RAID0 would help me use more efficiently the total disk space available at each 
node, but tests have shown that under write load it behaves much worse than 
using separate data dirs, one per disk.
there are different strategies how RAID0 splits reads, also changing io scheduler and filesystem helps. I found that ZFS/ZRAID is best, especially backups are very good. If you dont plan to do backups ext4 is not bad either, but compactions are rather slow on it.
  I used a 3-node cluster, and the node with RAID0 kept getting behind the 
other two nodes which had separate data dirs. The problem with separate data 
dirs is that it seems to be difficult for Cassandra to use the space 
efficiently due to the compactions.
If you need to think about disk free space on nodes, then you do not have enough storage. TB drives are cheap today, buy some.
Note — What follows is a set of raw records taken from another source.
(* Continued fraction [m_1,...,m_k] = 1/(m_1 + 1/(m_2 + ... + 1/m_k)).
   With cf [::] = 0 we get cf [:: m] = 1/m, as in the paper. *)
Definition cf (ms : seq nat) : rat :=
  foldr (fun (m : nat) (x : rat) => ((m%:R : rat) + x)^-1)%R 0%R ms.

(* A word in F(a,b) as a list of letters (is_a, exponent_is_+1). *)
Definition word := seq (bool * bool).

(* u_{q/p} (0 < q < p coprime): the cyclically alternating word
   a^{e_1} b^{e_2} a^{e_3} ... b^{e_{2p}}, e_i = (-1)^{floor((i-1)q/p)}. *)
Definition uword (q p : nat) : word :=
  [seq (~~ odd i, ~~ odd ((i * q) %/ p)) | i <- iota 0 (2 * p)].

Definition u_s (s : rat) : word := uword `|numq s|%N `|denq s|%N.

Fixpoint runs_aux (b : bool) (c : nat) (l : seq bool) : seq nat :=
  match l with
  | [::] => [:: c]
  | x :: l' => if x == b then runs_aux b c.+1 l' else c :: runs_aux x 1 l'
  end.

Definition runs (l : seq bool) : seq nat :=
  if l is x :: l' then runs_aux x 1 l' else [::].

(* cyclic run lengths: cut the cyclic sequence at the first run boundary *)
Definition cyc_runs (l : seq bool) : seq nat :=
  let n := size l in
  let i := find (fun j => nth false l j != nth false l ((j + n).-1 %% n))
                (iota 0 n) in
  runs (rot i l).

(* CS(w): cyclic sequence (represented by a linear representative, up to
   rotation) of lengths of maximal positive / negative subwords. *)
Definition CSw (w : word) : seq nat := cyc_runs (map snd w).
Definition CS (s : rat) : seq nat := CSw (u_s s).

Definition cyc_occ (cs b : seq nat) : nat :=
  count (fun i => prefix b (rot i cs)) (iota 0 (size cs)).

Definition cyc_contains (cs b : seq nat) : bool :=
  has (fun i => prefix b (rot i cs)) (iota 0 (size cs)).

Definition dpair (d : nat) (A B : seq nat) : seq nat := flatten (nseq d (A ++ B)).

From mathcomp Require Import all_boot all_order all_algebra zify ring lra.
Import Order.TTheory GRing.Theory Num.Theory.
Set Implicit Arguments. Unset Strict Implicit. Unset Printing Implicit Defensive.

(* For coprime 0 < a < b, CS(a/b) is the sequence of the 2a run lengths
   ceil((j+1) b / a) - ceil(j b / a), and a block occurs in it as soon as its
   partial sums are balanced for the slope b / a, i.e. the numbers
   a * (sum of the first k terms) - k * b all lie in one window [G, G + a).
   Write r = N / b0 = [m_1, ..., m_k] and P / Q = [m_1, ..., m_{k-1}], so that
   P b0 - Q N = (-1)^k.  Inside a period of CS(r) the residues of -j b0 mod N
   decide where a block can repeat; since S1 and S2 occur only twice, both
   S1 and S2 must contain the positions of residue 0 and N - 1, which forces
   S1 ++ S2 to be a period of CS(r) starting at a multiple of N, with
   |S1| = P (k even) or N - P (k odd).  A slope s = a / b in the given interval
   has coordinates a = u N + v P with 0 < u < (2n - 2) v; for the d with
   (d - 1) v < u < (d + 1) v, the window made of d + 1 periods followed by S1
   (resp. S2), with its two end terms lowered (resp. raised) by one, is balanced
   for s, hence occurs in CS(s). *)

(** * Runs of the exponent sequence of [u_s] *)

Definition ceildiv (x a : nat) := (x + a.-1) %/ a.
Cluster should not be designed - we will be lucky if all our data fits there and we will not run out of space during major compactions.
  I first tried the new Leveled compactions scheme, which seemed promising since it would 
create "small" files that could be scattered by the data dirs, but the IO 
necessary for this compaction scheme is enormous under write load.
yes. its for mostly read only apps. but raising base table size to something larger like 50 MB helps.
Am I missing something here? Is this the best way to deal with this (abnormal) 
use case?
It takes time to learn how to tune cassandra properly. If you do not have time, hire somebody who will do it for you. It took me few months to master and its kinda difficult to explain it over mail.